Aircraft trading as a whole has become harder since the summer, but not impossible, agrees one senior lawyer who admits that many of his clients are still doing smaller trades.  Sources indicate that many funds have committed financing in place raised over the last two years, and have been able to find deals as a result. “There is a lot of cash in the market looking for the right opportunity,” muses another lawyer.

 

DAE buys Sky Fund portfolio, Avolon, ALC, BOC announce Q3 trades
 

Despite the challenges surrounding obtaining competitively priced debt, aircraft trades are still happening. Several of the largest lessors recently announced trading activity during the third quarter of 2022 (see list below).

In October Dubai Aerospace Enterprise (DAE) acquired a portfolio of 36 aircraft after buying Sky Fund 1 from aircraft asset manager Sky Leasing. The bulk of the assets are included in Sky Leasing’s aircraft ABS SLAM 2021-1, and the acquisition means DAE will take ownership of the ABS e-notes as well as several additional aircraft. The transaction will be funded by internal resources and is expected to be completed in the fourth quarter of 2022, subject to the receipt of required regulatory approvals.
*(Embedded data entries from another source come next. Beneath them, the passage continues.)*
(* Let $\mathsf V$ be a variety. If $\mathsf V$ has unitary e-generalization $2$-type, then $\mathsf V$ has unitary e-generalization type.
   Context: Let $\mathsf V$ be a variety of algebras of a fixed type. For a set $X$, $\mathbf F_{\mathsf V}(X)$ denotes the free algebra of $\mathsf V$ over $X$; its elements are called terms (terms are identified up to the equational theory of $\mathsf V$). A substitution is a homomorphism between free algebras of $\mathsf V$. A symbolic e-generalization problem for $\mathsf V$ is a finite multiset $\mathbf t=\{t_1,\dots,t_m\}$ ($m\ge 1$) of elements of $\mathbf F_{\mathsf V}(X)$ for some finite $X$. A solution (generalizer) of $\mathbf t$ is a term $s\in\mathbf F_{\mathsf V}(Y)$, where $Y$ is the set of variables of $s$, such that there exist substitutions $\sigma_1,\dots,\sigma_m$ with $\sigma_k(s)=t_k$ in $\mathsf V$ for all $k$. For terms $s,u$ write $s\preceq u$ ($s$ is less general than $u$) iff there is a substitution $\sigma$ with $\sigma(u)=s$; this is a preorder on the set of solutions of $\mathbf t$, and $(\mathscr S(\mathbf t),\preceq)$ denotes the associated poset of classes of equally general solutions. In a poset $(P,\le)$ a minimal complete set is a subset $M\subseteq P$ such that every $p\in P$ has some $a\in M$ with $a\le p$, and no two distinct elements of $M$ are comparable. The e-generalization type of $\mathbf t$ is unitary if $(\mathscr S(\mathbf t),\preceq)$ has a minimal complete set of cardinality 1, finitary if it has one of finite cardinality greater than 1, infinitary if it has one of infinite cardinality, and nullary if it has none. For $m\in\mathbb N\setminus\{0\}$, the e-generalization $m$-type of $\mathsf V$ is the worst type occurring among problems for $\mathsf V$ whose multiset has cardinality at most $m$, where the order from best to worst is unitary $>$ finitary $>$ infinitary $>$ nullary; the e-generalization type of $\mathsf V$ is the worst type among all its problems. *)

From mathcomp Require Import all_boot.
From Stdlib Require List.

Set Implicit Arguments.
Unset Strict Implicit.
Unset Printing Implicit Defensive.

Inductive term (op : Type) (ar : op -> nat) (X : Type) : Type :=
  | Var : X -> term ar X
  | App : forall f : op, ('I_(ar f) -> term ar X) -> term ar X.

Arguments Var {op ar X} x.
Arguments App {op ar X} f args.

(* Every homomorphism F(X) -> F(Y) between free algebras is of this    *)
(* form (it is determined by the images of the free generators).       *)
Fixpoint tsubst {op : Type} {ar : op -> nat} {X Y : Type}
  (sigma : X -> term ar Y) (t : term ar X) : term ar Y :=
  match t with
  | Var x => sigma x
  | App f a => App f (fun i => tsubst sigma (a i))
  end.

(* A variety, given (Birkhoff) by its type and a set of defining        *)
Record variety := Variety {
  v_op : Type;
  v_ar : v_op -> nat;
  v_ax : term v_ar nat -> term v_ar nat -> Prop }.

Definition vterm (V : variety) (X : Type) := term (@v_ar V) X.

(* Equational theory of V on terms over X: the fully invariant           *)
(* congruence generated by the identities.  [veq V s t] means that        *)
(* s = t holds in the free algebra F_V(X).                               *)
Inductive veq (V : variety) (X : Type) : vterm V X -> vterm V X -> Prop :=
  | veq_ax : forall l r (sigma : nat -> vterm V X),
      v_ax l r -> veq (tsubst sigma l) (tsubst sigma r)
  | veq_refl : forall t, veq t t
  | veq_sym : forall s t, veq s t -> veq t s
  | veq_trans : forall s t u, veq s t -> veq t u -> veq s u
  | veq_cong : forall (f : v_op V) (a b : 'I_(v_ar f) -> vterm V X),
      (forall i, veq (a i) (b i)) -> veq (App f a) (App f b).

(* A problem is a finite multiset (here: a nonempty list, order being  *)
(* irrelevant) of terms over a finite set X of variables.  Generalizers *)
(* are terms over the countable variable supply nat (every term has     *)
(* finitely many variables, so its variable set Y embeds into nat).     *)
Definition is_generalizer (V : variety) (X : finType) (t : seq (vterm V X))
  (s : vterm V nat) : Prop :=
  forall u, List.In u t -> exists sigma : nat -> vterm V X, veq (tsubst sigma s) u.

Definition less_general (V : variety) (s u : vterm V nat) : Prop :=
  exists sigma : nat -> vterm V nat, veq (tsubst sigma u) s.

(* Minimal complete set of the poset of classes of solutions, given by   *)
(* one representative per class: complete, and any comparability        *)
(* between members forces equality (so distinct members lie in distinct, *)
(* incomparable classes; the cardinality of M is that of the set of      *)
(* classes it represents).                                               *)
Definition min_complete_set (V : variety) (X : finType) (t : seq (vterm V X))
  (M : vterm V nat -> Prop) : Prop :=
  (forall a, M a -> is_generalizer t a) /\
  (forall p, is_generalizer t p -> exists2 a, M a & less_general a p) /\
  (forall a b, M a -> M b -> less_general a b -> a = b).

Inductive gtype := Nullary | Infinitary | Finitary | Unitary.

(* order from worst (0) to best (3) *)
Definition gtype_rank (g : gtype) : nat :=
  match g with Nullary => 0 | Infinitary => 1 | Finitary => 2 | Unitary => 3 end.

Definition set_card_one {T : Type} (M : T -> Prop) : Prop :=
  exists a, forall b, M b <-> b = a.

Definition set_finite_card_gt1 {T : Type} (M : T -> Prop) : Prop :=
  exists l : list T, List.NoDup l /\ (1 < length l)%coq_nat /\ (forall b, M b <-> List.In b l).

Definition set_infinite {T : Type} (M : T -> Prop) : Prop :=
  ~ exists l : list T, forall b, M b -> List.In b l.

Definition has_gtype (V : variety) (X : finType) (t : seq (vterm V X))
  (g : gtype) : Prop :=
  match g with
  | Unitary => exists M, min_complete_set t M /\ set_card_one M
  | Finitary => exists M, min_complete_set t M /\ set_finite_card_gt1 M
  | Infinitary => exists M, min_complete_set t M /\ set_infinite M
  | Nullary => ~ exists M, min_complete_set t M
  end.

Definition worst_gtype (V : variety) (sz : nat -> Prop) (g : gtype) : Prop :=
  (exists (X : finType) (t : seq (vterm V X)), sz (size t) /\ has_gtype t g) /\
  (forall (X : finType) (t : seq (vterm V X)) (g' : gtype),
      sz (size t) -> has_gtype t g' -> gtype_rank g <= gtype_rank g').

Definition egen_mtype (V : variety) (m : nat) (g : gtype) : Prop :=
  worst_gtype V (fun k => 0 < k <= m) g.

Definition egen_type (V : variety) (g : gtype) : Prop :=
  worst_gtype V (fun k => 0 < k) g.

From mathcomp Require Import all_boot.
From Stdlib Require Import Classical ClassicalEpsilon FunctionalExtensionality.

Set Implicit Arguments.
Unset Strict Implicit.

(* A problem is unitary exactly when it has a least general generalizer.
   If every problem {t1, t2} has one, then so does every {t1, ..., tn}:
   taking a least generalizer a of {t2, ..., tn}, with its finitely many
   variables renamed apart from those of t1, a least generalizer of {a, t1}
   is one of {t1, ..., tn}, because a generalizes {t2, ..., tn} and every
   generalizer of {t2, ..., tn} is more general than a. *)

Lemma tsubst_comp (op : Type) (ar : op -> nat) (X Y Z : Type)
    (s1 : X -> term ar Y) (s2 : Y -> term ar Z) (t : term ar X) :
  tsubst s2 (tsubst s1 t) = tsubst (fun x => tsubst s2 (s1 x)) t.
Proof.
elim: t => [x|f a IH] //=; congr (App f _).
by apply: functional_extensionality => i; apply: IH.
Qed.

Lemma tsubst_Var (op : Type) (ar : op -> nat) (X : Type) (t : term ar X) :
  tsubst Var t = t.
Proof.
elim: t => [x|f a IH] //=; congr (App f _).
by apply: functional_extensionality => i; apply: IH.
Qed.

Fixpoint tvar_bound (op : Type) (ar : op -> nat) (t : term ar nat) : nat :=
  match t with
  | Var k => k.+1
  | App f a => \max_i tvar_bound (a i)
  end.

Lemma tsubst_eq_on (op : Type) (ar : op -> nat) (Y : Type)
    (s1 s2 : nat -> term ar Y) (t : term ar nat) :
  (forall k, k < tvar_bound t -> s1 k = s2 k) -> tsubst s1 t = tsubst s2 t.
Proof.
elim: t => [k|f a IH] /= eq_s; first exact: eq_s.
congr (App f _); apply: functional_extensionality => i; apply: IH => k lt_k.
by apply: eq_s; apply: leq_trans lt_k (leq_bigmax i).
Qed.

Lemma veq_subst (V : variety) (X Y : Type) (r : X -> vterm V Y) s t :
  veq s t -> veq (tsubst r s) (tsubst r t).
Proof.
elim=> {s t} [l q sigma ax | t | s t _ IH | s t u _ IH1 _ IH2 | f a b _ IH] /=.
- by rewrite !tsubst_comp; apply: veq_ax.
- exact: veq_refl.
- exact: veq_sym.
- exact: veq_trans IH1 IH2.
- by apply: veq_cong => i; apply: IH.
Qed.

Lemma less_general_trans (V : variety) (a b c : vterm V nat) :
  less_general a b -> less_general b c -> less_general a c.
Proof.
move=> [s1 s1b] [s2 s2c]; exists (fun k => tsubst s1 (s2 k)).
by rewrite -tsubst_comp; apply: veq_trans (veq_subst s1 s2c) s1b.
Qed.

Lemma is_generalizer_Var (V : variety) (X : finType) (t : seq (vterm V X)) k :
  is_generalizer t (Var k).
Proof. by move=> u _; exists (fun _ => u); apply: veq_refl. Qed.

Definition least_generalizer (V : variety) (X : finType) (t : seq (vterm V X))
    (a : vterm V nat) : Prop :=
  is_generalizer t a /\ forall p, is_generalizer t p -> less_general a p.

Lemma set_card_one_finite (T : Type) (M : T -> Prop) :
  set_card_one M -> ~ set_infinite M.
Proof. by move=> [a Ma] []; exists [:: a] => b /Ma ->; left. Qed.

Lemma set_card_one_not_gt1 (T : Type) (M : T -> Prop) :
  set_card_one M -> ~ set_finite_card_gt1 M.
Proof.
move=> [a Ma] [l [nd_l [len_l Ml]]].
case: l nd_l len_l Ml => [|b [|c l]] nd_l /leP // _ Ml.
have [eq_ba eq_ca] : b = a /\ c = a by split; apply/Ma/Ml; rewrite /=; tauto.
move/List.NoDup_cons_iff: nd_l => [+ _]; apply; left.
by rewrite eq_ba eq_ca.
Qed.

Lemma set_card_one_of_bounded (T : Type) (M : T -> Prop) a :
  ~ set_infinite M -> ~ set_finite_card_gt1 M -> M a -> set_card_one M.
Proof.
move=> /NNPP [l Ml] not_gt1 Ma; exists a => b; split=> [Mb|-> //].
apply: NNPP => neq_ba; apply: not_gt1.
pose inM x := if excluded_middle_informative (M x) then true else false.
pose l' := List.nodup (fun x y => excluded_middle_informative (x = y))
                      (List.filter inM l).
have l'E x : M x <-> List.In x l'.
  rewrite List.nodup_In List.filter_In /inM.
  case: excluded_middle_informative => Mx; split=> [|[] //]; last by [].
  by move=> _; split=> //; apply: Ml.
have nd_ab : List.NoDup [:: a; b].
  by constructor; [case=> [/neq_ba|[]] | constructor; [case | constructor]].
exists l'; split; first exact: List.NoDup_nodup.
split=> //; apply: List.NoDup_incl_length nd_ab _.
by move=> x /= [<-|[<-|[]]]; apply/l'E.
Qed.

Section LeastGeneralizer.

Variables (V : variety) (X : finType) (t : seq (vterm V X)).

Lemma least_generalizer_card_one a M :
  least_generalizer t a -> min_complete_set t M -> set_card_one M.
Proof.
move=> [gen_a least_a] [gen_M [complete_M antichain_M]].
have [b Mb le_ba] := complete_M _ gen_a.
exists b => c; split=> [Mc|-> //]; apply/esym/antichain_M => //.
exact: less_general_trans le_ba (least_a _ (gen_M _ Mc)).
Qed.

Lemma least_generalizer_gtype a g :
  least_generalizer t a -> has_gtype t g -> g = Unitary.
Proof.
move=> lg_a; case: g => //= [[]|[M [mcs_M]]|[M [mcs_M]]].
- exists (fun b => b = a); split=> [b -> | ]; first exact: lg_a.1.
  split=> [p gen_p | b c -> -> //]; exists a => //; exact: lg_a.2.
- by move/(set_card_one_finite (least_generalizer_card_one lg_a mcs_M)).
- by move/(set_card_one_not_gt1 (least_generalizer_card_one lg_a mcs_M)).
Qed.

Lemma exists_least_generalizer :
  (forall g, has_gtype t g -> g = Unitary) -> exists a, least_generalizer t a.
Proof.
move=> only_unitary.
have [M mcs_M] : exists M, min_complete_set t M.
  by apply: NNPP => no_mcs; have := only_unitary Nullary no_mcs.
have [gen_M [complete_M _]] := mcs_M.
have [b Mb _] := complete_M _ (is_generalizer_Var 0).
have [c Mc] : set_card_one M.
  apply: set_card_one_of_bounded Mb => [inf_M | gt1_M].
  - by have := only_unitary Infinitary (ex_intro _ M (conj mcs_M inf_M)).
  - by have := only_unitary Finitary (ex_intro _ M (conj mcs_M gt1_M)).
exists c; split=> [|p /complete_M [d /Mc -> //]].
by apply/gen_M/Mc.
Qed.

End LeastGeneralizer.

Section ConsStep.

Variables (V : variety) (X : finType) (u : vterm V X) (t : seq (vterm V X)).
Variable a : vterm V nat.

(* The [.+1] only makes [inord] available; [a] uses the variables below
   [tvar_bound a]. *)
Let Y : finType := ('I_(tvar_bound a).+1 + X)%type.
Let rename_a (k : nat) : vterm V Y := Var (inl (inord k)).
Let rename_u (x : X) : vterm V Y := Var (inr x).
Let a' := tsubst rename_a a.
Let u' := tsubst rename_u u.

Let unrename (tau : nat -> vterm V X) (y : Y) : vterm V X :=
  match y with inl i => tau i | inr x => Var x end.

Let unrename_a tau : tsubst (unrename tau) a' = tsubst tau a.
Proof.
rewrite tsubst_comp; apply: tsubst_eq_on => k lt_k /=.
by rewrite inordK // ltnS ltnW.
Qed.

Let unrename_u tau : tsubst (unrename tau) u' = u.
Proof. by rewrite tsubst_comp tsubst_Var. Qed.

Let generalizer_cons_of_pair b :
  is_generalizer t a -> is_generalizer [:: a'; u'] b ->
  is_generalizer (u :: t) b.
Proof.
move=> gen_a gen_b w /= [<-|t_w].
- have [sigma sigma_b] := gen_b u' (or_intror (or_introl erefl)).
  exists (fun k => tsubst (unrename (fun=> u)) (sigma k)).
  have := veq_subst (unrename (fun=> u)) sigma_b.
  by rewrite unrename_u tsubst_comp.
- have [tau tau_a] := gen_a w t_w.
  have [sigma sigma_b] := gen_b a' (or_introl erefl).
  exists (fun k => tsubst (unrename tau) (sigma k)).
  rewrite -tsubst_comp; apply: veq_trans tau_a.
  by rewrite -unrename_a; apply: veq_subst.
Qed.

Let pair_generalizer_of_cons p :
  less_general a p -> is_generalizer (u :: t) p -> is_generalizer [:: a'; u'] p.
Proof.
move=> [sigma sigma_p] gen_p w /= [<-|[<-|[]]].
- exists (fun k => tsubst rename_a (sigma k)).
  by rewrite -tsubst_comp; apply: veq_subst.
- have [tau tau_p] := gen_p u (or_introl erefl).
  exists (fun k => tsubst rename_u (tau k)).
  by rewrite -tsubst_comp; apply: veq_subst.
Qed.

Lemma least_generalizer_cons :
  (forall (Z : finType) (s : seq (vterm V Z)), size s = 2 ->
     exists b, least_generalizer s b) ->
  least_generalizer t a -> exists b, least_generalizer (u :: t) b.
Proof.
move=> lg_pairs [gen_a least_a].
have [b [gen_b least_b]] := lg_pairs _ [:: a'; u'] erefl.
exists b; split; first exact: generalizer_cons_of_pair.
move=> p gen_p; apply/least_b/pair_generalizer_of_cons => //.
by apply: least_a => w t_w; apply: gen_p; right.
Qed.

End ConsStep.

Lemma least_generalizer_exists (V : variety) :
  (forall (Z : finType) (s : seq (vterm V Z)), 0 < size s <= 2 ->
     exists b, least_generalizer s b) ->
  forall (X : finType) (t : seq (vterm V X)), 0 < size t ->
  exists a, least_generalizer t a.
Proof.
move=> lg_small X; elim=> [|u [|w t] IH] // _; first exact: lg_small.
have [a lg_a] := IH erefl.
apply: least_generalizer_cons lg_a => Z s size_s.
by apply: lg_small; rewrite size_s.
Qed.

Theorem proposition2p7 (V : variety) :
  egen_mtype V 2 Unitary -> egen_type V Unitary.
Proof.
move=> [[X [t [/andP[t_gt0 _] unit_t]]] worst2]; split; first by exists X, t.
have lg_small (Z : finType) (s : seq (vterm V Z)) : 0 < size s <= 2 ->
    exists b, least_generalizer s b.
  move=> size_s; apply: exists_least_generalizer.
  by case=> /(worst2 _ _ _ size_s).
move=> Y s g s_gt0 gtype_g.
have [a lg_a] := least_generalizer_exists lg_small s_gt0.
by rewrite (least_generalizer_gtype lg_a gtype_g).
Qed.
Separately, Irish lessor Avolon announced this week it had acquired 13 aircraft during Q3 and entered into letters of Intent for the sale of 7 owned aircraft.

Singapore-headquartered BOC Aviation Limited (BOC Aviation) sold one owned and one managed aircraft.

US aircraft lessor Air Lease Corporation (ALC) sold one undisclosed aircraft to a third-party buyer.

 

The Ishka View

 

Aircraft trading is being buffeted by numerous headwinds. These range from the strengthening US dollar, rising interest rates, higher swap costs, and increased debt costs for new facilities. The cumulative impact of all these pressures has been to dampen aircraft trading as buyers and sellers struggle to price historic deals, many of which involve fixed lower lease rates, against a climbing interest rate environment.

But it is important to stress that deals are happening. As one senior lawyer confided, the industry is currently dotted with "pockets of optimism and pockets of pessimism" i.e. split between the asset managers and lessors with financing, or cash in place, empowered to agree deals, versus a large swathe of frustrated asset managers unable to make the economics work for new transactions. 

The recent DAE trade is a good example. DAE flexed its considerable financing muscle to acquire a large portfolio of liquid assets leased to a range of top-tier airlines. Sky booked a large number of sale/leasebacks with top names, during the uncertain start of the pandemic. The lessor’s timing was prescient given how quickly the market swung back to cheaper leases in 2021 and 2022.  It is not clear what DAE paid to Sky for the portfolio, but it is likely to have included a considerable premium, given the quality of assets and lessees included, and the long-remaining lease lengths. One bright note is that financing, while becoming increasingly expensive, appears to remain available for lessors, according to numerous borrowers and financiers. The big challenge for many asset managers now is to agree the right price.